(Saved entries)
>>>
(* Let $\rho:\mathbb{R}\to\mathbb{R}$ be differentiable, applied element-wise to vectors, and let $\vec{W}\in\mathbb{R}^{N\times N}$, $\vec{b}\in\mathbb{R}^N$, $\vec{U}\in\mathbb{R}^{N\times d}$. If the CHN with these data is well-behaved, then $\rho'(0)\neq 0$.
   Context: A CHN (continuous Hopfield network) with element-wise non-linearity $\rho$ and parameters $\vec{W},\vec{b},\vec{U}$ assigns to an input $\vec{x}\in\mathbb{R}^d$ its equilibrium state(s), the solutions $\vec{s}^*\in\mathbb{R}^N$ of $\vec{s}^*=\rho'(\vec{s}^* )\odot(\vec{W}\rho(\vec{s}^* )+\vec{b}+\vec{U}\rho(\vec{x}))$, where $\odot$ is the Hadamard product. The CHN is called well-behaved if for every input $\vec{x}$ this equation has exactly one solution $\vec{s}^*$ and this solution is not identically zero. *)

From HB Require Import structures.
From mathcomp Require Import all_boot all_order all_algebra.
From mathcomp Require Import all_classical all_reals all_analysis.
Set Implicit Arguments. Unset Strict Implicit. Unset Printing Implicit Defensive.
Import Order.TTheory GRing.Theory Num.Theory.
Local Open Scope ring_scope.

Definition chn_equilibrium (R : realType) (N d : nat) (rho : R -> R)
  (W : 'M[R]_(N, N)) (b : 'cV[R]_N) (U : 'M[R]_(N, d))
  (x : 'cV[R]_d) (s : 'cV[R]_N) : Prop :=
  s = map2_mx (fun p q => p * q) (map_mx (derive1 rho) s)
        (W *m map_mx rho s + b + U *m map_mx rho x).

Definition well_behaved (R : realType) (N d : nat) (rho : R -> R)
  (W : 'M[R]_(N, N)) (b : 'cV[R]_N) (U : 'M[R]_(N, d)) : Prop :=
  forall x : 'cV[R]_d,
    exists s : 'cV[R]_N,
      [/\ chn_equilibrium rho W b U x s,
          (forall s' : 'cV[R]_N, chn_equilibrium rho W b U x s' -> s' = s)
        & s != 0].

From HB Require Import structures.
From mathcomp Require Import all_boot all_order all_algebra.
From mathcomp Require Import all_classical all_reals all_analysis.
Import Order.TTheory GRing.Theory Num.Theory.
Local Open Scope ring_scope.

Lemma chn_equilibrium0 {R : realType} {N d : nat} {rho : R -> R}
    {W : 'M[R]_(N, N)} {b : 'cV[R]_N} {U : 'M[R]_(N, d)} (x : 'cV[R]_d) :
  derive1 rho 0 = 0 -> chn_equilibrium rho W b U x 0.
Proof. by move=> rho'0; apply/matrixP => i j; rewrite !mxE rho'0 mul0r. Qed.

Lemma well_behaved_equilibrium_neq0 {R : realType} {N d : nat} {rho : R -> R}
    {W : 'M[R]_(N, N)} {b : 'cV[R]_N} {U : 'M[R]_(N, d)} (x : 'cV[R]_d) :
  well_behaved rho W b U -> ~ chn_equilibrium rho W b U x 0.
Proof.
move=> wb eq0; have [s [_ uniq_s s_neq0]] := wb x.
by move: s_neq0; rewrite -(uniq_s 0 eq0) eqxx.
Qed.

(* The differentiability hypothesis is unused: [derive1] is total, and only its value at 0 matters. *)
Theorem lemma1 (R : realType) (N d : nat) (rho : R -> R)
  (W : 'M[R]_(N, N)) (b : 'cV[R]_N) (U : 'M[R]_(N, d)) :
  (forall t : R, derivable rho t 1) ->
  well_behaved rho W b U ->
  derive1 rho 0 != 0.
Proof.
move=> _ wb; apply/eqP => rho'0.
apply: (well_behaved_equilibrium_neq0 0 wb).
exact: chn_equilibrium0.
Qed.
(* For all $n\ge1$, $$\varphi_n=2(n-1)H_n+2P_n,\qquad \theta_n=(2n-1)P_n.$$
   Context: Let $s=\sqrt3/2$. Consider the standard triangular lattice in the plane whose vertices are the points $(a+b/2,\,bs)$ with $a,b\in\mathbb Z$ and whose edges are the unit segments joining lattice points in the directions $0^\circ,60^\circ,120^\circ$; it divides the plane into unit equilateral triangles called cells. A small tile is a single cell; a large tile is an equilateral triangle of side $2$ whose vertices are lattice points (so it is a union of $4$ cells; it may point up or down). For a region $R$ that is a finite union of cells, a tiling of $R$ is a finite set of small and large tiles, each contained in $R$, with pairwise disjoint interiors and union equal to $R$. For $n\ge1$, the region $H_n$ is the union of the trapezoid with vertices $(0,0),(n,0),(n-\tfrac12,s),(\tfrac12,s)$ and the trapezoid with vertices $(\tfrac12,s),(n-\tfrac12,s),(n,2s),(0,2s)$ ($4n-2$ cells; for $n=1$ two unit triangles meeting at a point), and $P_n$ is $H_n$ with the cell with vertices $(n-1,0),(n,0),(n-\tfrac12,s)$ removed. $H_n$ and $P_n$ also denote the numbers of tilings of these regions; thus $H_n=\frac{(1+\sqrt2)^n+(1-\sqrt2)^n}{2}$ and $P_n=\frac{(1+\sqrt2)^n-(1-\sqrt2)^n}{2\sqrt2}$. Define $\varphi_n$ (resp. $\theta_n$) as the sum, over all tilings of $H_n$ (resp. $P_n$), of the number of small tiles in the tiling. *)

From HB Require Import structures.
From mathcomp Require Import all_boot all_order all_algebra.
Set Implicit Arguments. Unset Strict Implicit. Unset Printing Implicit Defensive.
Import Order.TTheory GRing.Theory Num.Theory.

(* Lattice coordinates: the lattice point (a,b) : int * int is the point
   (a + b/2, b*s) of the plane, s = sqrt 3 / 2.

   A cell is encoded as (up, a, b):
   - (true,  a, b) = upward cell with vertices (a,b), (a+1,b), (a,b+1);
   - (false, a, b) = downward cell with vertices (a,b+1), (a+1,b+1), (a+1,b). *)
Definition cell := (bool * int * int)%type.
Lemma denot_no_exit : ~ (exists k e, st k = Some (inl e)) ->
  denot A i = TEx \/ denot A i = TAll.
Proof.
move=> no_exit; rewrite /denot; case: excluded_middle_informative => // _.
case: excluded_middle_informative => [ex_dead | _].
  case: (constructive_indefinite_description _ ex_dead) => k ex_q.
  by case: (constructive_indefinite_description _ ex_q) => q _; case: (role A q); auto.
by case: excluded_middle_informative; auto.
Qed.

Lemma play_cases : st 0 <> None ->
  [\/ exists k e, st k = Some (inl e),
      exists k q, st k = Some (inr q) /\ st k.+1 = None
    | forall k, exists q, st k = Some (inr q)].
Proof.
move=> st0.
have [ex_exit | no_exit] := classic (exists k e, st k = Some (inl e)); first exact: Or31.
have [ex_dead | no_dead] := classic (exists k q, st k = Some (inr q) /\ st k.+1 = None).
  exact: Or32.
apply: Or33; elim=> [|k [q stq]].
  case E: (st 0) st0 => [[e|q]|] // _; last by exists q.
  by case: no_exit; exists 0%N, e.
case E: (st k.+1) => [[e|q']|].
- by case: no_exit; exists k.+1, e.
- by exists q'.
- by case: no_dead; exists k, q.
Qed.

Lemma play_w_bounded : exists B, forall t, Rabs (play_w A i t) <= B.
Proof.
have [B wB] := finite_bounded (fun q => Rabs (weight A q)).
exists (Rmax 0 B) => t; rewrite /play_w.
case: (st t) => [[e|q]|]; rewrite ?Rabs_R0; try exact: Rmax_l.
exact: Rle_trans (wB q) (Rmax_r _ _).
Qed.

End Play.

Section PlayShift.
Variables (m m' n : nat) (A : roMPG m n) (B : roMPG m' n) (i : 'I_m) (i' : 'I_m').
Variables (f : Defs.pos A -> Defs.pos B) (K : nat).
Hypotheses (f_role : forall q, role B (f q) = role A q)
  (f_weight : forall q, weight B (f q) = weight A q)
  (play_shift : forall t, play_st B i' (K + t) = omap (map_pos f) (play_st A i t)).

Lemma play_w_shift t : play_w B i' (K + t) = play_w A i t.
Proof.
by rewrite /play_w play_shift; case: (play_st A i t) => [[e|q]|] /=; rewrite ?f_weight.
Qed.

Lemma psum_shift t :
  psum (play_w B i') (K + t) = psum (play_w B i') K + psum (play_w A i) t.
Proof. by rewrite psum_add (eq_psum (fun t _ => play_w_shift t)). Qed.

Lemma play_MP_shift : play_MP B i' = play_MP A i.
Proof.
have [W wW] := play_w_bounded A i.
by rewrite /play_MP -!/(mean _) (LimInf_mean_shift play_w_shift wW).
Qed.

Hypothesis play_start : play_st A i 0 <> None.

Lemma play_infinite_shift : (forall t, exists q, play_st A i t = Some (inr q)) ->
  forall k, exists q, play_st B i' k = Some (inr q).
Proof.
move=> inf k; case: (ltnP k K) => [lt_kK | le_Kk].
  by apply: (play_st_lt lt_kK); rewrite -[K]addn0 play_shift; case: (play_st A i 0) play_start.
have [q stq] := inf (k - K)%N.
by exists (f q); rewrite -(subnKC le_Kk) play_shift stq.
Qed.

Lemma denot_shift :
  denot B i' = if K is 0 then denot A i else add_payoff (psum (play_w B i') K) (denot A i).
Proof.
case: (play_cases play_start) => [[t [e ste]] | [t [q [stq end_t]]] | inf].
- have steB : play_st B i' (K + t) = Some (inl e) by rewrite play_shift ste.
  rewrite (denot_exit steB) (denot_exit ste) psum_shift.
  by case: K {steB} => [|K'] /=; case: t {ste} => [|t] //=; rewrite ?Rplus_0_l ?Rplus_0_r.
- have stqB : play_st B i' (K + t) = Some (inr (f q)) by rewrite play_shift stq.
  have endB : play_st B i' (K + t).+1 = None by rewrite -addnS play_shift end_t.
  rewrite (denot_dead stqB endB) (denot_dead stq end_t) f_role.
  by case: K {stqB endB} => [|K']; case: (role A q).
- rewrite (denot_infinite (play_infinite_shift inf)) (denot_infinite inf) play_MP_shift.
  by case: K => [|K']; case: excluded_middle_informative.
Qed.

End PlayShift.

Lemma succ_entrance m n (A : roMPG m n) (j : 'I_m) :
  is_roMPG A -> @succ _ _ A (inl j) <> None.
Proof.
case=> entr _; have [t [jt _]] := entr j.
by rewrite /succ; case: pickP => // /(_ t); rewrite jt.
Qed.

Lemma edge_succ m n (A : roMPG m n) s t :
  is_roPG A -> edge A s t = (@succ _ _ A s == Some t).
Proof.
case=> _ uniq_succ; rewrite /succ; case: pickP => [t0 st0 | no_succ].
  by apply/idP/eqP => [st | [<-]] //; rewrite (uniq_succ _ _ _ st0 st).
by rewrite no_succ.
Qed.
<<<
:: What you are asked to do ::
Check each line of the records for "auto" and copy the ones that contain it.

:: Written solution ::
  by case: (constructive_indefinite_description _ ex_q) => q _; case: (role A q); auto.
by case: excluded_middle_informative; auto.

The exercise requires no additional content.